■ **About this task**
Which lines in the records below contain the word "negbTE"? Report each of them.

+++ Task input

(* Let $n=2m+2$ with $m\ge0$, let $a,b,c,d\in\mathbb{C}$, and suppose $T_n$ (degree $n$) and $U_{n-2}$ (degree at most $n-2$) satisfy $T_n^2-HU_{n-2}^2=1$ with $$T_n(z)=1-\frac{2(z-c)(z-d)\prod_{j=1}^m(z-x_j)^2}{(a-c)(a-d)\prod_{j=1}^m(a-x_j)^2}=-1+\frac{2(z-a)(z-b)\prod_{j=1}^m(z-y_j)^2}{(c-a)(c-b)\prod_{j=1}^m(c-y_j)^2}$$ for some $x_1,\dots,x_m,y_1,\dots,y_m\in\mathbb{C}$. Put $s_k:=\tfrac12\bigl(a^k+b^k+c^k-d^k\bigr)$, $k=1,\dots,2m+1$, and form $F_k,\mathbf F,\mathbf F_i$ with $\nu=m+1$, $\mu=m$. Then $\det\mathbf F\ne0$ and $y_1,\dots,y_m$ (with multiplicity) are exactly the zeros of $$y^{m}\det\mathbf F+y^{m-1}\det\mathbf F_1+\dots+y\det\mathbf F_{m-1}+\det\mathbf F_m.$$
   Context: $H(z)=(z-a)(z-b)(z-c)(z-d)$. Given complex numbers $s_1,s_2,\dots$: $F_0:=1$, $F_k:=0$ for $k<0$, and for $k\ge1$, $F_k:=\frac{(-1)^k}{k!}\det M_k$ where $M_k$ is the $k\times k$ matrix with entry $s_{i-j+1}$ for $j\le i$, entry $i$ at position $(i,i+1)$, and $0$ elsewhere. For integers $\nu\ge0,\mu\ge0$, $\mathbf F$ is the $\mu\times\mu$ matrix with $(i,j)$ entry $F_{\nu+i-j}$, and $\mathbf F_i$ ($1\le i\le\mu$) is $\mathbf F$ with its $i$-th column replaced by $(-F_{\nu+1},\dots,-F_{\nu+\mu})^T$. Convention: if $\mu=0$, $\det\mathbf F:=1$. *)

From HB Require Import structures.
From mathcomp Require Import all_boot all_order all_algebra.
Set Implicit Arguments. Unset Strict Implicit. Unset Printing Implicit Defensive.
Import Order.TTheory GRing.Theory Num.Theory.
Local Open Scope ring_scope.

Definition Hpoly (R : numClosedFieldType) (a b c d : R) : {poly R} :=
  ('X - a%:P) * ('X - b%:P) * ('X - c%:P) * ('X - d%:P).

(* The k x k matrix M_k (0-based indices): entry s_{i-j+1} for j <= i,
   entry i+1 (the 1-based row index) at position (i, i+1), 0 elsewhere. *)
Definition Mmat (R : numClosedFieldType) (s : nat -> R) (k : nat) : 'M[R]_k :=
  \matrix_(i < k, j < k)
    (if (j <= i)%N then s (i - j).+1
     else if j == i.+1 :> nat then (i.+1)%:R else 0).

Definition Fk (R : numClosedFieldType) (s : nat -> R) (k : int) : R :=
  match k with
  | Posz n => (-1) ^+ n / (n`!)%:R * \det (Mmat s n)
  | Negz _ => 0
  end.

Definition FF (R : numClosedFieldType) (s : nat -> R) (nu mu : nat) : 'M[R]_mu :=
  \matrix_(i < mu, j < mu) Fk s (nu%:Z + i%:Z - j%:Z).

(* Bold F_{c+1} (c 0-based): column c replaced by (-F_{nu+1},...,-F_{nu+mu})^T. *)
Definition FFi (R : numClosedFieldType) (s : nat -> R) (nu mu : nat) (c : 'I_mu)
  : 'M[R]_mu :=
  \matrix_(i < mu, j < mu)
    (if j == c then - Fk s (Posz (nu + i.+1)%N) else (FF s nu mu) i j).

Definition Fpoly (R : numClosedFieldType) (s : nat -> R) (nu mu : nat) : {poly R} :=
  (\det (FF s nu mu)) *: 'X^mu
  + \sum_(c < mu) (\det (@FFi R s nu mu c)) *: 'X^(mu - c.+1).

From HB Require Import structures.
From mathcomp Require Import all_boot all_order all_algebra.
From mathcomp Require Import ring zify.
Set Implicit Arguments. Unset Strict Implicit. Unset Printing Implicit Defensive.
Import GRing.Theory Num.Theory.
Local Open Scope ring_scope.

(* Let f = sum_k F_k X^k.  By Newton's identities (the F_k are defined by
   determinants of the matrices M_k), f'/f = - sum_k s_(k+1) X^k, which for
   s_k = (a^k + b^k + c^k - d^k)/2 means that, as a formal power series,
   f^2 (1 - dX) = (1 - aX)(1 - bX)(1 - cX).

   The hypotheses on T yield the identity
   (X - c)(X - d) P^2 - (X - a)(X - b) Q^2 = C  (C a nonzero constant),
   P, Q the monic polynomials with roots x_j, y_j.  Put W = (X - c) P and let
   W~, Q~ be the reversed polynomials (reversal at degrees m+1 and m).  Reversing
   the identity gives W~^2 (1 - dX) = (1 - aX)(1 - bX)(1 - cX) Q~^2 mod X^(2m+2),
   whence f Q~ = W~ mod X^(2m+2): Q~/W~ is a Pade approximant of f.  As
   deg W~ <= m+1, the coefficients m+2, ..., 2m+1 of f Q~ vanish, i.e. the
   coefficients of Q solve the linear system with matrix F.  The matrix F is
   invertible: a kernel vector v yields a second approximant S / L of f with
   L = v_1 X + ... + v_m X^m; cross-multiplying the two approximants, reversing,
   and using that Q and W are coprime, Q divides the reversal of L, which has
   degree < m, so v = 0.  Cramer's rule then identifies det F_i / det F with
   the coefficients of Q. *)

(* The reversed linear factor 1 - xX of X - x. *)
Definition lin (R : nzRingType) (x : R) : {poly R} := 1 - x%:P * 'X.

Section Reversal.
Variable R : nzRingType.
Implicit Types p q : {poly R}.

(* revp n p = X^n p(1/X): the reversal of p read as a polynomial of degree n. *)
Definition revp (n : nat) p : {poly R} := \poly_(i < n.+1) p`_(n - i).

Lemma coef_revp n p i : (revp n p)`_i = if (i <= n)%N then p`_(n - i) else 0.
Proof. by rewrite coef_poly ltnS. Qed.

Lemma size_revp n p : (size (revp n p) <= n.+1)%N.
Proof. exact: size_poly. Qed.

Lemma revpD n p q : revp n (p + q) = revp n p + revp n q.
Proof. by apply/polyP=> i; rewrite coefD !coef_revp; case: ifP; rewrite ?coefD ?addr0. Qed.

Lemma revpZ k n p : revp n (k *: p) = k *: revp n p.
Proof. by apply/polyP=> i; rewrite coefZ !coef_revp; case: ifP; rewrite ?coefZ ?mulr0. Qed.

HB.instance Definition _ n := GRing.isSemilinear.Build R {poly R} {poly R} _
  (revp n) (revpZ^~ n, revpD n).

Lemma revpXn n k : (k <= n)%N -> revp n 'X^k = 'X^(n - k).
Proof.
move=> kn; apply/polyP=> i; rewrite coef_revp !coefXn.
case: ifP => [ilen|/negbT]; last by rewrite -ltnNge => ni; case: eqP => //; lia.
suff -> : (n - i == k)%N = (i == n - k)%N by [].
by apply/idP/idP => /eqP E; apply/eqP; lia.
Qed.

Lemma revpK n p : (size p <= n.+1)%N -> revp n (revp n p) = p.
Proof.
move=> sp; apply/polyP=> i; rewrite !coef_revp.
case: ifP => [ilen|/negbT]; first by rewrite leq_subr subKn.
by rewrite -ltnNge => ni; apply/esym; move/leq_sizeP: sp; apply.
Qed.

Lemma revp_XsubC x : revp 1 ('X - x%:P) = lin x.
Proof.
apply/polyP=> i; rewrite coef_revp /lin !coefE.
by case: i => [|[|i]] //=; rewrite ?mulr0 ?mulr1 ?subr0 ?sub0r.
Qed.

Lemma poly_expand n p : (size p <= n)%N -> p = \sum_(i < n) p`_i *: 'X^i.
Proof. by move=> sp; rewrite -[LHS](take_poly_id sp) /take_poly poly_def. Qed.

End Reversal.

Lemma size_mul_bd (R : nzRingType) (p q : {poly R}) (n1 n2 : nat) :
  (size p <= n1.+1)%N -> (size q <= n2.+1)%N -> (size (p * q)%R <= (n1 + n2).+1)%N.
Proof.
move=> hp hq; apply: leq_trans (size_polyMleq p q) _.
by move: (size p) (size q) hp hq => u v; lia.
Qed.

Lemma revpM (R : comNzRingType) (n1 n2 : nat) (p q : {poly R}) :
  (size p <= n1.+1)%N -> (size q <= n2.+1)%N ->
  revp (n1 + n2) (p * q) = revp n1 p * revp n2 q.
Proof.
move=> sp sq; rewrite (poly_expand sp) (poly_expand sq) mulr_suml !linear_sum mulr_suml.
apply: eq_bigr => i _; rewrite mulr_sumr linear_sum mulr_sumr; apply: eq_bigr => j _.
have hi := ltn_ord i; have hj := ltn_ord j.
rewrite -scalerAl -scalerAr !linearZ /= -exprD !revpXn; try lia.
by rewrite -scalerAl -scalerAr -exprD; congr (_ *: (_ *: 'X^_)); lia.
Qed.

Lemma revp_lin2_sqr (R : comNzRingType) (m : nat) (u v : R) (p : {poly R}) :
  (size p <= m.+1)%N ->
  revp (m + m).+2 (('X - u%:P) * ('X - v%:P) * p ^+ 2) = lin u * lin v * revp m p ^+ 2.
Proof.
move=> sp; have sX (w : R) : (size ('X - w%:P)%R <= 2)%N by rewrite size_XsubC.
rewrite -[(m + m).+2]/((1 + 1) + (m + m))%N !expr2 !revpM ?revp_XsubC //.
  exact: size_mul_bd.
exact: size_mul_bd.
Qed.

Section DivisibilityByXn.
Variable R : fieldType.
Implicit Types p q : {poly R}.

Lemma dvdXnP n p : reflect (forall i, (i < n)%N -> p`_i = 0) ('X^n %| p).
Proof.
apply: (iffP idP); first by case/dvdpP=> q -> i ilt; rewrite coefMXn ilt.
move=> H; apply/dvdpP; exists (\poly_(i < size p) p`_(i + n)).
apply/polyP=> i; rewrite coefMXn; case: ifP => [/H //|/negbT].
rewrite -leqNgt => ni; rewrite coef_poly subnK //.
case: ifP => // /negbT; rewrite -leqNgt => si.
by move/leq_sizeP: (leqnn (size p)); apply; exact: leq_trans si (leq_subr n i).
Qed.

(* A factor with nonzero constant term is a unit modulo X^n. *)
Lemma dvdXn_mul_cancel n p q : q`_0 != 0 -> 'X^n %| p * q -> 'X^n %| p.
Proof.
move=> q0; rewrite Gauss_dvdpl //; apply: coprimep_expl.
by rewrite coprimep_sym -['X]subr0 -polyC0 coprimep_XsubC /root horner_coef0.
Qed.

Lemma dvdXn_eq0 n p : (size p <= n)%N -> 'X^n %| p -> p = 0.
Proof.
move=> sp dv; apply/eqP; apply: contraT => p0.
by have := leq_trans (dvdp_leq p0 dv) sp; rewrite size_polyXn ltnn.
Qed.

Lemma dvdXn_revp n k p : (size p <= k.+1)%N -> 'X^(n - k) %| revp n p.
Proof.
move=> sp; apply/dvdXnP => i hi; rewrite coef_revp; case: ifP => // _.
by move/leq_sizeP: sp; apply; lia.
Qed.

Lemma dvdXn_sub_take n N p :
  (forall i, (n <= i < N)%N -> p`_i = 0) -> 'X^N %| p - take_poly n p.
Proof.
move=> p0; apply/dvdXnP => i iN; rewrite coefB coef_take_poly.
by case: ltnP => ni; rewrite ?subrr // subr0 p0 // ni.
Qed.

Lemma pade_cross N (f A B L S : {poly R}) :
  'X^N %| f * A - B -> 'X^N %| f * L - S ->
  (size (L * B)%R <= N)%N -> (size (A * S)%R <= N)%N -> L * B = A * S.
Proof.
move=> dAB dLS sLB sAS; apply/eqP; rewrite -subr_eq0; apply/eqP.
apply: (dvdXn_eq0 (n := N)).
  by apply: leq_trans (size_polyD _ _) _; rewrite size_polyN geq_max sLB sAS.
have -> : L * B - A * S = A * (f * L - S) - L * (f * A - B) by ring.
by apply: dvdp_sub; apply: dvdp_mull.
Qed.

End DivisibilityByXn.

Section Newton.
Variables (R : numClosedFieldType) (s : nat -> R).

(* M_k with its last row replaced by (s_(k+t), ..., s_(1+t)); for t = 0 this
   is M_k itself, and expanding along the last column relates t to t+1. *)
Definition Mlast (k t : nat) : 'M[R]_k :=
  \matrix_(i < k, j < k)
    (if (i.+1 == k)%N then s (k - j + t)%N
     else if (j <= i)%N then s (i - j).+1
     else if j == i.+1 :> nat then (i.+1)%:R else 0).

Lemma Mlast0 k : Mlast k 0 = Mmat s k.
Proof.
apply/matrixP=> i j; rewrite !mxE.
case: eqP => // E; have jk := ltn_ord j; rewrite (_ : (j <= i)%N); last by lia.
by congr s; lia.
Qed.

Lemma det_Mlast_rec k t :
  \det (Mlast k.+1 t) = s t.+1 * \det (Mmat s k) - k%:R * \det (Mlast k t.+1).
Proof.
rewrite (expand_det_col _ ord_max) (bigD1_ord ord_max) //=.
rewrite {1}/cofactor -signr_odd addnn odd_double expr0 mul1r.
have -> : row' ord_max (col' ord_max (Mlast k.+1 t)) = Mmat s k.
  apply/matrixP=> i j; rewrite !mxE !lift_max.
  by rewrite eqSS (ltn_eqF (ltn_ord i)).
rewrite mxE eqxx subSnn add1n; congr (_ + _).
case: k => [|k]; first by rewrite big_ord0 mul0r oppr0.
rewrite (bigD1_ord ord_max) //= big1 ?addr0; last first.
  move=> i _; have hi := ltn_ord i; rewrite mxE !lift_max /=.
  rewrite ifF; last by apply/negbTE; lia.
  rewrite ifF; last by apply/negbTE; lia.
  by rewrite ifF ?mul0r //; apply/negbTE; lia.
rewrite mxE /= /bump ltnn add0n eqxx ifF; last by apply/negbTE; lia.
rewrite ifF; last by apply/negbTE; lia.
rewrite /cofactor /= /bump ltnn add0n addnS -signr_odd /= addnn odd_double /=.
rewrite expr1 mulN1r mulrN; congr (- (_ * _)).
congr (\det _); apply/matrixP=> i j; rewrite !mxE !lift_max /= /bump ?lift_max ltnn add0n.
have hi := ltn_ord i; have hj := ltn_ord j.
case: (eqVneq (i : nat) k) => [->|ik].
  by rewrite leqnn add1n !eqxx; congr s; lia.
rewrite (_ : (k <= i)%N = false) ?add0n; last by apply/negbTE; lia.
rewrite ifF; last by apply/negbTE; lia.
by rewrite [in RHS]ifF //; apply/negbTE; lia.
Qed.

Lemma det_Mmat k : \det (Mmat s k) = (-1) ^+ k * k`!%:R * Fk s (Posz k).
Proof.
have fne : k`!%:R != 0 :> R by rewrite pnatr_eq0 -lt0n fact_gt0.
rewrite /Fk; set D := \det _.
have -> : (-1) ^+ k * k`!%:R * ((-1) ^+ k / k`!%:R * D) =
   ((-1) ^+ k * (-1) ^+ k) * (k`!%:R / k`!%:R) * D :> R by ring.
by rewrite divff // -exprMn mulrNN mulr1 mul1r expr1n mul1r.
Qed.

Lemma Fk0 : Fk s (Posz 0) = 1.
Proof. by rewrite /Fk det_mx00 expr0 fact0 divr1 mulr1. Qed.

Lemma det_Mlast k t :
  \det (Mlast k.+1 t) =
  (-1) ^+ k * k`!%:R * \sum_(r < k.+1) s (t + r.+1)%N * Fk s (Posz (k - r)%N).
Proof.
elim: k t => [|k IH] t.
  by rewrite det_Mlast_rec det_mx00 big_ord1 subn0 Fk0 addn1 expr0 fact0; ring.
rewrite det_Mlast_rec IH det_Mmat [in RHS]big_ord_recl subn0 addn1.
rewrite [in RHS](eq_bigr (fun i : 'I_k.+1 => s (t.+1 + i.+1)%N * Fk s (Posz (k - i)%N))).
  by rewrite factS natrM exprS; ring.
by move=> i _; rewrite lift0 subSS addSnnS.
Qed.

Lemma Fk_newton k :
  (k.+1)%:R * Fk s (Posz k.+1) = - \sum_(r < k.+1) s r.+1 * Fk s (Posz (k - r)%N).
Proof.
have := det_Mlast k 0; rewrite Mlast0 det_Mmat factS natrM exprS.
have fne : (-1) ^+ k * k`!%:R != 0 :> R.
  by rewrite mulf_neq0 ?signr_eq0 // pnatr_eq0 -lt0n fact_gt0.
by move=> E; apply: (mulfI fne); rewrite mulrN -E; ring.
Qed.

End Newton.

(* Uniqueness for the linear ODE e' g = e g': if e(0) = 0, g(0) != 0 and the
   Wronskian e' g - e g' vanishes to order n, then e vanishes to order n+1. *)
Lemma dvdXn_wronskian (R : numFieldType) (n : nat) (e g : {poly R}) :
  g`_0 != 0 -> e`_0 = 0 -> 'X^n %| e^`() * g - e * g^`() -> 'X^(n.+1) %| e.
Proof.
move=> g0 e0 /dvdXnP H; apply/dvdXnP.
suff Hs k : (k <= n)%N -> forall i, (i <= k)%N -> e`_i = 0.
  by move=> i hi; exact: (Hs i hi i (leqnn i)).
elim: k => [_ i|j IH jn i]; first by rewrite leqn0 => /eqP ->.
rewrite leq_eqVlt => /orP [/eqP ->|]; last by rewrite ltnS; apply: IH; lia.
have := H j jn; rewrite coefB !coefM big_ord_recr /= big1; last first.
  by move=> l _; rewrite coef_deriv IH ?mul0rn ?mul0r //; lia.
rewrite big1; last by move=> l _; rewrite IH ?mul0r //; have := ltn_ord l; lia.
rewrite add0r subr0 subnn coef_deriv => /eqP.
by rewrite mulf_eq0 (negbTE g0) orbF mulrn_eq0 /= => /eqP.
Qed.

++++++

■ **Solution below**
  rewrite ifF; last by apply/negbTE; lia.
  rewrite ifF; last by apply/negbTE; lia.
  by rewrite ifF ?mul0r //; apply/negbTE; lia.
rewrite mxE /= /bump ltnn add0n eqxx ifF; last by apply/negbTE; lia.
rewrite ifF; last by apply/negbTE; lia.
rewrite (_ : (k <= i)%N = false) ?add0n; last by apply/negbTE; lia.
rewrite ifF; last by apply/negbTE; lia.
by rewrite [in RHS]ifF //; apply/negbTE; lia.
by rewrite mulf_eq0 (negbTE g0) orbF mulrn_eq0 /= => /eqP.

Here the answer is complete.